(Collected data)
(* Let $0<c_1\le c_2$ be constants, let $n$ be sufficiently large, let $t\in[1,n^{0.1}]$, and let $H$ be an undirected graph on $n$ vertices in which every vertex has degree between $c_1t$ and $c_2t$ and which has no cycle of length at most $8$. Then for any two vertices $u,v$ of $H^2$, the number of paths of length $2$ in $H^2$ connecting $u$ and $v$ is $O(t)$, where the implied constant depends only on $c_1,c_2$.
   Context: $H^2$ (the square of $H$) is the graph on the vertex set of $H$ in which $u\neq v$ are adjacent if and only if there is a path of length exactly $2$ between $u$ and $v$ in $H$. *)

From HB Require Import structures.
From mathcomp Require Import all_boot all_order all_algebra.
From mathcomp Require Import reals exp.
Set Implicit Arguments. Unset Strict Implicit. Unset Printing Implicit Defensive.

(* Simple undirected graphs: a symmetric irreflexive relation e on a finType T. *)

Definition sq_adj (T : finType) (e : rel T) (u v : T) : bool :=
  (u != v) && [exists w, e u w && e w v].

Definition deg (T : finType) (e : rel T) (v : T) : nat := #|[set w | e v w]|.

Definition no_cycle_upto (T : finType) (e : rel T) (m : nat) : Prop :=
  forall s : seq T, uniq s -> 3 <= size s <= m -> ~~ cycle e s.

Definition n_sq_paths2 (T : finType) (e : rel T) (u v : T) : nat :=
  #|[set w | [&& w != u, w != v, sq_adj e u w & sq_adj e w v]]|.

From HB Require Import structures.
From mathcomp Require Import all_boot all_order all_algebra.
From mathcomp Require Import reals exp.
Import Order.TTheory GRing.Theory Num.Theory.

(* Since H has no cycle of length at most 8, every closed walk of length at
   most 8 backtracks somewhere.  If u and v have a common neighbour m, then for
   a middle vertex w reached as u - a - w - b - v, the closed walk
   u a w b v m u forces w to be a neighbour of m, so there are at most
   deg m <= c2 t middle vertices.  Otherwise the closed walk
   u a1 w1 b1 v b2 w2 a2 u through two middle vertices forces w1 = w2, so there
   is at most one. *)

Section NonBacktracking.
Context {T : finType}.

(* Only backtracks x y x strictly inside the sequence are excluded; a closed
   walk may still turn back at its base point. *)
Fixpoint nonbacktracking (s : seq T) : bool :=
  if s is x :: s' then
    (if s' is _ :: z :: _ then x != z else true) && nonbacktracking s'
  else true.

Context {e : rel T}.
Hypothesis e_irr : irreflexive e.
Context {k : nat}.
Hypothesis no_short_cycle : no_cycle_upto e k.

Lemma nonbacktracking_walk_uniq {p y} :
  path e y p -> nonbacktracking (y :: p) -> size p <= k -> uniq (y :: p).
Proof.
elim: p y => [|x s IHs] y //= /andP[eyx pxs] /andP[y_ne_s1 nb_xs] size_s.
have uniq_xs : uniq (x :: s) by apply: IHs => //; apply: ltnW.
apply/andP; split=> //; apply/negP => y_in.
(* The first return to y closes a cycle of length i.+1, where i = 0 would be a
   loop and i = 1 a backtrack. *)
set i := index y (x :: s).
have i_lt : i < size (x :: s) by rewrite index_mem.
have nth_i : nth y (x :: s) i = y by rewrite nth_index.
have cyc_uniq : uniq (y :: take i (x :: s)).
  by rewrite /= in_take // ltnn take_uniq.
have cyc_cycle : cycle e (y :: take i (x :: s)).
  rewrite /= -[X in rcons _ X]nth_i -take_nth //.
  by have /(take_path i.+1) : path e y (x :: s) by rewrite /= eyx.
suff size_cyc : 3 <= size (y :: take i (x :: s)) <= k.
  by have := no_short_cycle _ cyc_uniq size_cyc; rewrite cyc_cycle.
rewrite /= size_take i_lt.
case: i i_lt nth_i {cyc_uniq cyc_cycle} => [|[|i]] i_lt nth_i.
- by move: eyx; rewrite -nth_i e_irr.
- case: s y_ne_s1 nth_i i_lt {y_in IHs pxs nb_xs size_s uniq_xs} => //= z s.
  by move=> + zy; rewrite zy eqxx.
- exact: leq_trans i_lt size_s.
Qed.

Lemma closed_walk_backtracks p x :
  path e x p -> last x p = x -> 0 < size p <= k -> ~~ nonbacktracking (x :: p).
Proof.
move=> walk closed /andP[p_gt0 p_le]; apply/negP => nb.
have := nonbacktracking_walk_uniq walk nb p_le.
by case: p p_gt0 walk closed {nb p_le} => [|z p] //= _ _ <-; rewrite mem_last.
Qed.

End NonBacktracking.

Section GirthAtLeastNine.
Context {T : finType} {e : rel T}.
Hypotheses (e_sym : symmetric e) (e_irr : irreflexive e).
Hypothesis girth : no_cycle_upto e 8.

Let backtracks := closed_walk_backtracks e_irr girth.

Lemma sq_mid_adj_common_nbr u v m a w b :
  u != v -> e u m -> e m v -> e u a -> e a w -> e w b -> e b v ->
  w != u -> w != v -> e m w.
Proof.
move=> uv um mv ua aw wb bv wu wv.
(* u a w b v m u can only backtrack at a = b or b = m; if a = b, the walk
   u a v m u forces a = m. *)
have := backtracks [:: a; w; b; v; m; u] u.
rewrite /= ua aw wb bv (e_sym v m) mv (e_sym m u) um => /(_ isT erefl isT).
rewrite (eq_sym u w) wu wv (eq_sym v u) uv /=.
have [<-|bm] := eqVneq b m; first by rewrite e_sym.
rewrite /= andbT negbK => /eqP ab; subst b.
have := backtracks [:: a; v; m; u] u.
rewrite /= ua bv (e_sym v m) mv (e_sym m u) um => /(_ isT erefl isT).
by rewrite uv (eq_sym v u) uv /= andbT negbK => /eqP <-.
Qed.

Lemma sq_mid_unique u v a1 w1 b1 a2 w2 b2 :
  (forall m, ~~ (e u m && e m v)) ->
  e u a1 -> e a1 w1 -> e w1 b1 -> e b1 v -> w1 != u -> w1 != v ->
  e u a2 -> e a2 w2 -> e w2 b2 -> e b2 v -> w2 != u -> w2 != v ->
  w1 = w2.
Proof.
move=> no_common ua1 aw1 wb1 bv1 wu1 wv1 ua2 aw2 wb2 bv2 wu2 wv2.
have ab1 : a1 != b1.
  by apply: contraNneq _ (no_common a1) => ab; rewrite ua1 ab bv1.
have ab2 : b2 != a2.
  by apply: contraNneq _ (no_common a2) => ba; rewrite ua2 -ba bv2.
(* u a1 w1 b1 v b2 w2 a2 u can only backtrack at b1 = b2, and then
   u a1 w1 b1 w2 a2 u only at w1 = w2. *)
have := backtracks [:: a1; w1; b1; v; b2; w2; a2; u] u.
rewrite /= ua1 aw1 wb1 bv1 (e_sym v b2) bv2 (e_sym b2 w2) wb2 (e_sym w2 a2) aw2.
rewrite (e_sym a2 u) ua2 => /(_ isT erefl isT).
rewrite (eq_sym u w1) wu1 ab1 wv1 (eq_sym v w2) wv2 ab2 wu2 /= andbT negbK.
move=> /eqP b1b2; subst b2.
have := backtracks [:: a1; w1; b1; w2; a2; u] u.
rewrite /= ua1 aw1 wb1 (e_sym b1 w2) wb2 (e_sym w2 a2) aw2 (e_sym a2 u) ua2.
move=> /(_ isT erefl isT).
by rewrite (eq_sym u w1) wu1 ab1 ab2 wu2 /= andbT negbK => /eqP.
Qed.

Lemma sq_path2_midP u v w :
  reflect
    ((exists a b, [/\ e u a, e a w, e w b & e b v]) /\ w != u /\ w != v)
    (w \in [set w | [&& w != u, w != v, sq_adj e u w & sq_adj e w v]]).
Proof.
rewrite inE /sq_adj; apply: (iffP and4P).
  case=> wu wv /andP[_ /existsP[a /andP[ua aw]]].
  move=> /andP[_ /existsP[b /andP[wb bv]]].
  by split=> //; exists a, b.
case=> [[a [b [ua aw wb bv]]] [wu wv]]; split=> //.
  by rewrite eq_sym wu; apply/existsP; exists a; rewrite ua aw.
by rewrite wv; apply/existsP; exists b; rewrite wb bv.
Qed.

Lemma n_sq_paths2_le_deg u v m :
  u != v -> e u m -> e m v -> n_sq_paths2 e u v <= deg e m.
Proof.
move=> uv um mv; apply/subset_leq_card/subsetP => w.
move=> /sq_path2_midP[[a [b [ua aw wb bv]]] [wu wv]]; rewrite inE.
exact: sq_mid_adj_common_nbr uv um mv ua aw wb bv wu wv.
Qed.

Lemma n_sq_paths2_le1 u v :
  (forall m, ~~ (e u m && e m v)) -> n_sq_paths2 e u v <= 1.
Proof.
move=> no_common; apply/card_le1_eqP => w1 w2.
move=> /sq_path2_midP[[a1 [b1 [ua1 aw1 wb1 bv1]]] [wu1 wv1]].
move=> /sq_path2_midP[[a2 [b2 [ua2 aw2 wb2 bv2]]] [wu2 wv2]].
apply/esym.
exact: sq_mid_unique no_common ua1 aw1 wb1 bv1 wu1 wv1 ua2 aw2 wb2 bv2 wu2 wv2.
Qed.

Lemma n_sq_paths2_small {u v} : u != v ->
  n_sq_paths2 e u v <= 1 \/ exists m, n_sq_paths2 e u v <= deg e m.
Proof.
move=> uv; have [/existsP[m /andP[um mv]] | /existsPn no_common] :=
  boolP [exists m, e u m && e m v].
  by right; exists m; apply: n_sq_paths2_le_deg.
by left; apply: n_sq_paths2_le1.
Qed.

End GirthAtLeastNine.

Local Open Scope ring_scope.

Theorem lemmaA5 (R : realType) (c1 c2 : R) :
  0 < c1 -> c1 <= c2 ->
  exists K : R, exists N0 : nat,
    forall n : nat, (N0 <= n)%N ->
    forall t : R, 1 <= t -> t <= (n%:R) `^ (10%:R)^-1 ->
    forall (T : finType) (e : rel T),
      #|T| = n -> symmetric e -> irreflexive e ->
      (forall x : T, c1 * t <= (deg e x)%:R <= c2 * t) ->
      no_cycle_upto e 8 ->
      forall u v : T, u != v -> (n_sq_paths2 e u v)%:R <= K * t.
Proof.
move=> c1_gt0 c12; exists (c2 + 1), 0%N.
move=> n _ t t_ge1 _ T e _ sym irr hdeg girth u v uv.
have c2_ge0 : 0 <= c2 by apply: le_trans (ltW c1_gt0) c12.
have t_ge0 : 0 <= t by apply: le_trans t_ge1.
have t_le : t <= (c2 + 1) * t by rewrite mulrDl mul1r lerDr mulr_ge0.
have [le1 | [m le_deg]] := n_sq_paths2_small sym irr girth uv.
  by apply: le_trans (le_trans _ t_ge1) t_le; rewrite lern1.
have /andP[_ deg_le] := hdeg m.
apply: le_trans (le_trans deg_le _); first by rewrite ler_nat.
by rewrite mulrDl mul1r lerDl.
Qed.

* Work item
Each line of the entries above that contains "andbT" must be copied into the answer.

* Response area
rewrite /= andbT negbK => /eqP ab; subst b.
by rewrite uv (eq_sym v u) uv /= andbT negbK => /eqP <-.
rewrite (eq_sym u w1) wu1 ab1 wv1 (eq_sym v w2) wv2 ab2 wu2 /= andbT negbK.
by rewrite (eq_sym u w1) wu1 ab1 ab2 wu2 /= andbT negbK => /eqP.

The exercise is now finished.